Toxins, drugs, and substance abuse represent a major cause of acquired rhabdomyolysis. Epidemics of paralytic rhabdomyolysis in humans and animals occurred in the 1920s and 1930s near the Frishes Haff of the Baltic Sea (Haff disease) and in Sweden. The mechanism may have involved eating fish contaminated with an unknown myotoxin. Quail poisoning (coturnism) is an analogous condition in which individuals ingesting quail develop rhabdomyolysis. The biblical quail episode (Numbers 11:31-33) may represent epidemic myoglobinuria. It is unclear whether what caused this was the ingested sweet parsley seeds, henbane, or hemlock. Similar accounts have been found with other birds that have ingested hemlock. Rhabdomyolysis due to venoms of insects (hornet, tarantula) and snakes (sea snake, rattlesnake) has been documented. Mushrooms, such as Russula spp and Tricholoma spp may also induce rhabdomyolysis, especially those with genetic predispositions (04).
More recently, barbiturates, heroin, cocaine, amphetamines, phencyclidine, phenylpropanolamine, inhalants, and related agents have all been associated with rhabdomyolysis (95). Coma with crush injury (barbiturates), direct myotoxic effects (heroin, cocaine, toluene), and muscle hyperactivity (amphetamines, phencyclidine, ecstasy, and lysergic acid diethylamide) may be involved. Ethanol abuse is one of the most common causes of rhabdomyolysis. A direct toxic effect of ethanol may be the predominant mechanism of alcoholic rhabdomyolysis, but crush injury, seizures, hypokalemia, and hypophosphatemia are often present (26; 46; 63).

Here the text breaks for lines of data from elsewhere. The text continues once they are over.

Lemma tsplit_bij m n : bijective (@tsplit m n).
Proof.
exists (fun p => cast_ord (mxvec_cast m n) (enum_rank p)) => k.
  by rewrite /tsplit enum_valK cast_ordKV.
by rewrite /tsplit cast_ordK enum_rankK.
Qed.

Lemma tsplit_eq m n (k l : 'I_(m * n)) : (tsplit k == tsplit l) = (k == l).
Proof. exact/inj_eq/bij_inj/tsplit_bij. Qed.

Lemma sum_tsplit m n (F : 'I_m -> 'I_n -> C) :
  \sum_(k < m * n) F (tsplit k).1 (tsplit k).2 = \sum_i \sum_j F i j.
Proof. by rewrite pair_big /= (reindex (@tsplit m n)) //; exact/onW_bij/tsplit_bij. Qed.

Lemma tensmx_mul m1 n1 p1 m2 n2 p2 (A : 'M[C]_(m1, n1)) (B : 'M[C]_(m2, n2))
  (A' : 'M[C]_(n1, p1)) (B' : 'M[C]_(n2, p2)) :
  tensmx A B *m tensmx A' B' = tensmx (A *m A') (B *m B').
Proof.
apply/matrixP => i j; rewrite [in RHS]mxE !mxE big_distrlr /=.
rewrite -(sum_tsplit (fun r s => A (tsplit i).1 r * A' r (tsplit j).1 *
   (B (tsplit i).2 s * B' s (tsplit j).2))).
by apply: eq_bigr => k _; rewrite !mxE mulrACA.
Qed.

Lemma mxtrace_tensmx m n (A : 'M[C]_m) (B : 'M[C]_n) :
  \tr (tensmx A B) = \tr A * \tr B.
Proof.
rewrite /mxtrace big_distrlr /= -(sum_tsplit (fun r s => A r r * B s s)).
by apply: eq_bigr => k _; rewrite !mxE.
Qed.

Lemma adjmx_tens m1 n1 m2 n2 (A : 'M[C]_(m1, n1)) (B : 'M[C]_(m2, n2)) :
  adjmx (tensmx A B) = tensmx (adjmx A) (adjmx B).
Proof. by apply/matrixP => i j; rewrite !mxE rmorphM. Qed.

Lemma tensmx_scalar m n (a b : C) :
  tensmx (a%:M : 'M_m) (b%:M : 'M_n) = (a * b)%:M.
Proof.
apply/matrixP => i j; rewrite !mxE -tsplit_eq.
case: (tsplit i) (tsplit j) => [i1 i2] [j1 j2] /=; rewrite xpair_eqE.
by case: (i1 == j1); case: (i2 == j2); rewrite ?mulr1n ?mulr0n ?mulr0 ?mul0r.
Qed.

Lemma tensmx_suml m1 n1 m2 n2 (I : finType) (F : I -> 'M[C]_(m1, n1))
  (B : 'M[C]_(m2, n2)) :
  tensmx (\sum_i F i) B = \sum_i tensmx (F i) B.
Proof.
apply/matrixP => i j; rewrite summxE !mxE summxE mulr_suml.
by apply: eq_bigr => k _; rewrite mxE.
Qed.
(* Let $(P,\le,A_1\ldots A_k)$ be a regular poset with node tree $(\mathcal{N},\prec)$, and suppose $M$ is a descendant of $N$ in $(\mathcal{N},\prec)$. Then (1) $\mathrm{width}(M)\le\mathrm{width}(N)$; (2) if $\mathrm{width}(M)=\mathrm{width}(N)$, then $\mathrm{surplus}(M)\le\mathrm{surplus}(N)$.
   Context: Let $(P,\le)$ be a finite poset of width $w$. For $A\subseteq P$ let $A{\uparrow}=\{y: x\le y\text{ for some }x\in A\}$, $A{\downarrow}=\{y: y\le x\text{ for some }x\in A\}$. For maximal antichains $A,B$ write $A\sqsubseteq B$ if $A\subseteq B{\downarrow}$, and $A\sqsubset B$ if also $A\ne B$. For disjoint antichains $A\sqsubset B$, $(A,B,<)$ is the bipartite graph with classes $A,B$ and edges $(a<b)$ for $a\in A,b\in B$, $a<b$; it is regular if every edge lies in a perfect matching. A regular poset $(P,\le,A_1\ldots A_k)$: $A_1,\dots,A_k$ are maximum antichains partitioning $P$, $(\{A_1,\dots,A_k\},\sqsubseteq)$ is a linear order with minimum $A_1$ and maximum $A_2$, $a<b$ for all $a\in A_1,b\in A_2$, and for every $t\in[2,k]$ and every $A_p\sqsubset A_s$ consecutive in $(\{A_1,\dots,A_t\},\sqsubseteq)$ the graph $(A_p,A_s,<)$ is regular. A node is a bipartite graph $(X,Y,<)$ where, for some such consecutive pair $A_p\sqsubset A_s$ (at some stage $t$), $X\subseteq A_p$, $Y\subseteq A_s$ and $X\cup Y$ is the vertex set of a connected component of $(A_p,A_s,<)$. Its width is $\mathrm{width}(N)=|X|=|Y|$; $\mathrm{Int}(N)=X{\uparrow}\cap Y{\downarrow}$; its surplus $\mathrm{surplus}(N)$ is the largest $k$ such that $|A{\uparrow}\cap Y|\ge\min\{|A|+k,|Y|\}$ for all non-empty $A\subseteq X$, with $\mathrm{surplus}(N)=\infty$ if $N$ is a complete bipartite graph. Node tree $(\mathcal{N},\prec)$: $\mathcal{N}$ is the set of all nodes; when for $t\ge3$ the antichain $A_t$ is inserted between $A_p\sqsubset A_s$ consecutive at stage $t-1$, each node $M$ of $(A_p,A_t,<)$ or $(A_t,A_s,<)$ is declared a child of the unique node $N$ of $(A_p,A_s,<)$ with $\mathrm{Int}(M)\subset\mathrm{Int}(N)$. This gives a rooted tree with root $(A_1,A_2,<)$; descendants are defined via the child relation. *)

From HB Require Import structures.
From Stdlib Require Import Relation_Operators.
From mathcomp Require Import all_boot all_order.
Set Implicit Arguments. Unset Strict Implicit. Unset Printing Implicit Defensive.
Import Order.Theory.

Several therapeutic agents can cause muscle injury and rhabdomyolysis (Table 2), including lipid-lowering agents such as clofibrate and lovastatin. The incidence of rhabdomyolysis was greatly increased when lovastatin and gemfibrozil (a fibrate related to clofibrate) were combined (73) or when cholesterol-lowering agents and cyclosporine are combined. Hypokalemia induced by K+ wasting agents (eg, amphotericin B, diuretics, laxative abuse) or pseudohyperaldosteronism (eg, glycyrrhizic acid in licorice) is an additional common mechanism of drug-related myolysis (95).
Neuroleptic malignant syndrome, a known complication of neuroleptic drugs or of abrupt discontinuation of dopaminergic agents, can cause rhabdomyolysis. In addition, neuroleptics can also be associated with rhabdomyolysis in the absence of neuroleptic malignant syndrome (58).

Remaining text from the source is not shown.